SVC_poly_Train_Accuracy: 0.8540410132689988


In [407]:
test_svm_poly = pol_svm.predict(test_x)

#Test accuracy
print('SVC_poly_Test_Accuracy: {}' .format(accuracy_score(test_target, test_svm_poly)))

SVC_poly_Test_Accuracy: 0.5738396624472574


In [408]:
confusion_matrix(test_target, test_svm_poly)

array([[ 31,  14,   2,   0,   0],
       [ 14,  33,  36,   3,   2],
       [  2,  27,  91,  48,   2],
       [  1,   4,  53,  75,  42],
       [  0,   0,   1,  52, 178]], dtype=int64)

### Is the model overfitting? Provide your answer below. If yes, please add more cells below and show how you corrected overfitting. If your model is overfitting and you don't correct it, you will lose points. (0.25 points)

In [409]:
#The test accuracy score is significantly low compare to the train scores indicates a overfitting exists in the model.Correction is required to minimize overfitting
#Therefore Randomized Grid Search is performed to fine tune hyperparameters in order to reduce the overfitting in the model

In [410]:
##Grid Search: randomized
from sklearn.model_selection import RandomizedSearchCV
from scipy.stats import randint, uniform
import random

param_distribs = {'degree': randint(low=2, high=5),
        'C': randint(low=1, high=5),
        'coef0': uniform(0.1, 1),    
    }

poly_svm = SVC(kernel="poly", decision_function_shape='ovr')

poly_search = RandomizedSearchCV(poly_svm, param_distributions=param_distribs,
                                n_iter=10, cv=10, scoring='accuracy', random_state=55)

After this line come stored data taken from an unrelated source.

(* Let $\mathbb{V}$ be the variety in the language consisting of one binary operation symbol $*$ and two constant symbols $p$ and $0$, defined by the laws (writing $a*b*c$ for $(a*b)*c$) $$0*x = x*0 = 0,\qquad x*y*z = x*z*y,\qquad x*(y*z) = 0,\qquad x*y*y = 0.$$ Then for every integer $n \ge 0$, the free algebra in $\mathbb{V}$ on $n$ free generators has exactly $1 + (n+1)\cdot 2^{n+1}$ elements. In particular, $\mathbb{V}$ is locally finite. *)

From mathcomp Require Import all_boot.
Set Implicit Arguments. Unset Strict Implicit. Unset Printing Implicit Defensive.

Inductive term (n : nat) : Type :=
  | Var : 'I_n -> term n
  | Pc : term n
  | Zc : term n
  | Op : term n -> term n -> term n.

Arguments Pc {n}. Arguments Zc {n}.

(* The smallest congruence on term n containing every instance of the laws
   of V:  0*x = 0, x*0 = 0, (x*y)*z = (x*z)*y, x*(y*z) = 0, (x*y)*y = 0.
   (This is the fully invariant congruence generated by the laws; by
   Birkhoff, term n / veq n is the free V-algebra on n generators.) *)
Inductive veq (n : nat) : term n -> term n -> Prop :=
  | veq_refl t : veq t t
  | veq_sym s t : veq s t -> veq t s
  | veq_trans s t u : veq s t -> veq t u -> veq s u
  | veq_op s s' t t' : veq s s' -> veq t t' -> veq (Op s t) (Op s' t')
  | veq_zl x : veq (Op Zc x) Zc
  | veq_zr x : veq (Op x Zc) Zc
  | veq_comm x y z : veq (Op (Op x y) z) (Op (Op x z) y)
  | veq_right x y z : veq (Op x (Op y z)) Zc
  | veq_sq x y : veq (Op (Op x y) y) Zc.

Definition free_algebra_card (n N : nat) : Prop :=
  exists f : 'I_N -> term n,
    (forall i j, veq (f i) (f j) -> i = j) /\
    (forall t : term n, exists i, veq t (f i)).

From mathcomp Require Import all_boot.

Set Implicit Arguments.
Unset Strict Implicit.
Unset Printing Implicit Defensive.

(* Call the generators together with p the atoms.  The law x*(y*z) = 0 makes
   every nonzero element a left-normed product h*a_1*...*a_k of atoms; the law
   x*y*z = x*z*y lets the a_i be permuted and x*y*y = 0 kills a repeated a_i,
   so such an element is determined by its head h and the set {a_1,...,a_k}.
   These pairs (h, X), together with 0, form an algebra of V in which the
   normal forms evaluate to distinct values, so the free algebra has
   1 + (n+1) * 2^(n+1) elements. *)

Lemma free_algebra_card_model (n : nat) (T : finType)
    (ev : term n -> T) (nf : T -> term n) :
  (forall s t, veq s t -> ev s = ev t) -> cancel nf ev ->
  (forall t, veq t (nf (ev t))) -> free_algebra_card n #|T|.
Proof.
move=> ev_veq nfK ev_nf.
exists (fun i => nf (enum_val i)); split.
  by move=> i j /ev_veq; rewrite !nfK => /enum_val_inj.
by move=> t; exists (enum_rank (ev t)); rewrite enum_rankK.
Qed.

Section RightProducts.
Variable n : nat.
Implicit Types (x y : term n) (s : seq (term n)).

Definition rmul x s : term n := foldl (@Op n) x s.

Lemma rmul_cat x s1 s2 : rmul x (s1 ++ s2) = rmul (rmul x s1) s2.
Proof. exact: foldl_cat. Qed.

Lemma rmul_veq x y s : veq x y -> veq (rmul x s) (rmul y s).
Proof. by elim: s x y => //= a s IHs x y xy; apply/IHs/veq_op/veq_refl. Qed.

Lemma Op_rmul x s a : veq (Op (rmul x s) a) (rmul (Op x a) s).
Proof.
elim: s x => [|b s IHs] x /=; first exact: veq_refl.
exact: veq_trans (IHs _) (rmul_veq s (veq_comm x b a)).
Qed.

Lemma rmul0 s : veq (rmul Zc s) Zc.
Proof.
elim: s => [|a s IHs] /=; first exact: veq_refl.
exact: veq_trans (rmul_veq s (veq_zl a)) IHs.
Qed.

Lemma rmul_repeat x a s1 s2 : veq (rmul (Op x a) (s1 ++ a :: s2)) Zc.
Proof.
rewrite rmul_cat /=; apply: veq_trans (rmul0 s2).
apply: rmul_veq; apply: veq_trans (veq_sq (rmul x s1) a).
exact/veq_op/veq_refl/veq_sym/Op_rmul.
Qed.

Lemma rmul_perm (T : eqType) (f : T -> term n) x (r r' : seq T) :
  perm_eq r r' -> veq (rmul x (map f r)) (rmul x (map f r')).
Proof.
elim: r x r' => [|a r IHr] x r'.
  by rewrite perm_sym => /perm_nilP ->; exact: veq_refl.
move=> rr'; have ar' : a \in r' by rewrite -(perm_mem rr') mem_head.
move: rr'; case/splitPr: ar' => r1 r2 rr'.
have rr12 : perm_eq r (r1 ++ r2).
  by rewrite -(perm_cons a) (perm_trans rr') // -cat1s perm_catCA.
apply: veq_trans (IHr _ _ rr12) _.
rewrite !map_cat !rmul_cat /=; apply/rmul_veq/veq_sym/Op_rmul.
Qed.

End RightProducts.

Section FreeModel.
Variable n : nat.

(* None stands for the constant p. *)
Local Notation atom := (option 'I_n).

Definition term_of_atom (a : atom) : term n :=
  if a is Some i then Var i else Pc.

(* Some (h, X) is h*a_1*...*a_k for any enumeration a_1, ..., a_k of X, and
   None is 0. *)
Definition model := option (atom * {set atom}).

Definition push (a : atom) (u : model) : model :=
  if u is Some (h, X) then (if a \in X then None else Some (h, a |: X))
  else None.

Definition mulm (u v : model) : model :=
  if v is Some (a, Y) then (if Y == set0 then push a u else None) else None.

Lemma mul0m v : mulm None v = None.
Proof. by case: v => [[a Y]|] //=; case: ifP. Qed.

Lemma push_comm a b u : push a (push b u) = push b (push a u).
Proof.
case: u => [[h X]|] //=.
have [aX|aX] := boolP (a \in X); have [bX|bX] := boolP (b \in X);
  rewrite /= ?in_setU1 ?(negbTE aX) ?(negbTE bX) ?aX ?bX ?orbT ?orbF //.
by rewrite eq_sym; case: eqP => // _; rewrite setUCA.
Qed.

Lemma push_twice a u : push a (push a u) = None.
Proof. by case: u => [[h X]|] //=; case: ifP => //= _; rewrite setU11. Qed.

Lemma mulm_rcomm u v w : mulm (mulm u v) w = mulm (mulm u w) v.
Proof.
case: v => [[a Y]|]; case: w => [[b Z]|]; rewrite /= ?mul0m ?if_same //.
case: (Y == set0); case: (Z == set0); rewrite /= ?mul0m //.
exact: push_comm.
Qed.

Lemma mulm_right u v w : mulm u (mulm v w) = None.
Proof.
case: w => [[a Y]|] //=; case: (Y == set0) => //.
case: v => [[h X]|] //=; case: (a \in X) => //=.
suff /negbTE-> : a |: X != set0 by [].
by apply/set0Pn; exists a; exact: setU11.
Qed.

Lemma mulm_sq u v : mulm (mulm u v) v = None.
Proof.
case: v => [[a Y]|] //=; case: (Y == set0); rewrite ?mul0m //=.
exact: push_twice.
Qed.

Fixpoint eval (t : term n) : model :=
  match t with
  | Var i => Some (Some i, set0)
  | Pc => Some (None, set0)
  | Zc => None
  | Op s t => mulm (eval s) (eval t)
  end.

Lemma eval_veq s t : veq s t -> eval s = eval t.
Proof.
elim=> //= [? ? ? _ -> _ ->|? ? ? ? _ -> _ ->| | | |] //.
- by move=> x; rewrite mul0m.
- by move=> x y z; rewrite mulm_rcomm.
- by move=> x y z; rewrite mulm_right.
- by move=> x y; rewrite mulm_sq.
Qed.

Lemma eval_atom a : eval (term_of_atom a) = Some (a, set0).
Proof. by case: a. Qed.

Definition nf (u : model) : term n :=
  if u is Some (h, X) then rmul (term_of_atom h) (map term_of_atom (enum X))
  else Zc.

Lemma eval_rmul_atoms x (r : seq atom) :
  eval (rmul x (map term_of_atom r)) = foldl (fun u a => push a u) (eval x) r.
Proof. by elim: r x => //= a r IHr x; rewrite IHr /= eval_atom /= eqxx. Qed.

Lemma foldl_push h (X : {set atom}) (r : seq atom) :
  uniq r -> all (fun a => a \notin X) r ->
  foldl (fun u a => push a u) (Some (h, X)) r = Some (h, X :|: [set a in r]).
Proof.
elim: r X => [|a r IHr] X /=.
  by move=> _ _; congr (Some (_, _)); apply/setP=> b; rewrite !inE orbF.
case/andP=> ar r_uniq /andP[aX rX]; rewrite (negbTE aX) IHr //.
  by congr (Some (_, _)); apply/setP=> b; rewrite !inE orbA (orbC (b \in X)).
apply/allP=> b br; have bX : b \notin X := allP rX b br.
rewrite in_setU1 (negbTE bX) orbF; apply/eqP=> ba.
by rewrite -ba br in ar.
Qed.

Lemma nfK : cancel nf eval.
Proof.
case=> [[h X]|] //=; rewrite eval_rmul_atoms eval_atom foldl_push ?enum_uniq //.
  by congr (Some (_, _)); apply/setP=> b; rewrite !inE mem_enum.
by apply/allP=> b; rewrite inE.
Qed.

Lemma Op_nf u v : veq (Op (nf u) (nf v)) (nf (mulm u v)).
Proof.
case: v => [[a Y]|]; last exact: veq_zr.
case: u => [[h X]|]; last by rewrite mul0m; exact: veq_zl.
rewrite /=; have [->|/set0Pn[b bY]] := eqVneq Y set0; last first.
  have : b \in enum Y by rewrite mem_enum.
  case/splitPr=> r1 r2; rewrite map_cat rmul_cat /=.
  apply: veq_trans (veq_right _ _ (term_of_atom b)).
  exact/veq_op/veq_sym/Op_rmul/veq_refl.
rewrite enum_set0 /=; apply: veq_trans (Op_rmul _ _ _) _.
have [aX|aX] := boolP (a \in X).
  rewrite -mem_enum in aX; case/splitPr: aX => r1 r2.
  by rewrite map_cat; exact: rmul_repeat.
apply: (@rmul_perm _ _ _ _ (a :: enum X)).
apply: uniq_perm; rewrite /= ?enum_uniq ?mem_enum ?aX //.
by move=> b; rewrite in_cons !mem_enum in_setU1.
Qed.

Lemma veq_nf_eval t : veq t (nf (eval t)).
Proof.
elim: t => [i|||s IHs t IHt] /=; rewrite ?enum_set0; try exact: veq_refl.
exact: veq_trans (veq_op IHs IHt) (Op_nf _ _).
Qed.

Lemma card_model : #|{: model}| = 1 + n.+1 * 2 ^ n.+1.
Proof.
rewrite card_option card_prod card_option card_ord -cardsT.
have -> : [set: {set atom}] = powerset [set: atom].
  by apply/setP=> X; rewrite !inE subsetT.
by rewrite card_powerset cardsT card_option card_ord.
Qed.

End FreeModel.

Theorem mainTheorem2 (n : nat) :
  free_algebra_card n (1 + n.+1 * 2 ^ n.+1).
Proof.
rewrite -(card_model n).
exact: free_algebra_card_model (@eval_veq n) (@nfK n) (@veq_nf_eval n).
Qed.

poly_search.fit(train_x, train_target)

In [411]:
cvres = poly_search.cv_results_

for mean_score, params in zip(cvres["mean_test_score"], cvres["params"]):
    print(mean_score, params)

0.6025593282219789 {'C': 2, 'coef0': 0.795069469300329, 'degree': 2}
0.5609529025191675 {'C': 2, 'coef0': 0.34795496644469115, 'degree': 3}
0.5549288061336254 {'C': 4, 'coef0': 0.8233882046158927, 'degree': 3}
0.5338043081416576 {'C': 3, 'coef0': 0.41165441156253324, 'degree': 4}
0.5380284775465498 {'C': 3, 'coef0': 0.7848141682681444, 'degree': 4}
0.5790653523183643 {'C': 1, 'coef0': 0.5603683708289007, 'degree': 3}
0.5495290251916758 {'C': 2, 'coef0': 0.1630545006596247, 'degree': 4}
0.6055786783497628 {'C': 2, 'coef0': 1.0856115817551715, 'degree': 2}
0.5549251551661191 {'C': 4, 'coef0': 0.8483028908601774, 'degree': 3}
0.5832566630156991 {'C': 4, 'coef0': 0.2957184273277015, 'degree': 2}


In [412]:
poly_search.best_params_

{'C': 2, 'coef0': 1.0856115817551715, 'degree': 2}

In [455]:
final_model = poly_search.best_estimator_

test_predictions = final_model.predict(test_x)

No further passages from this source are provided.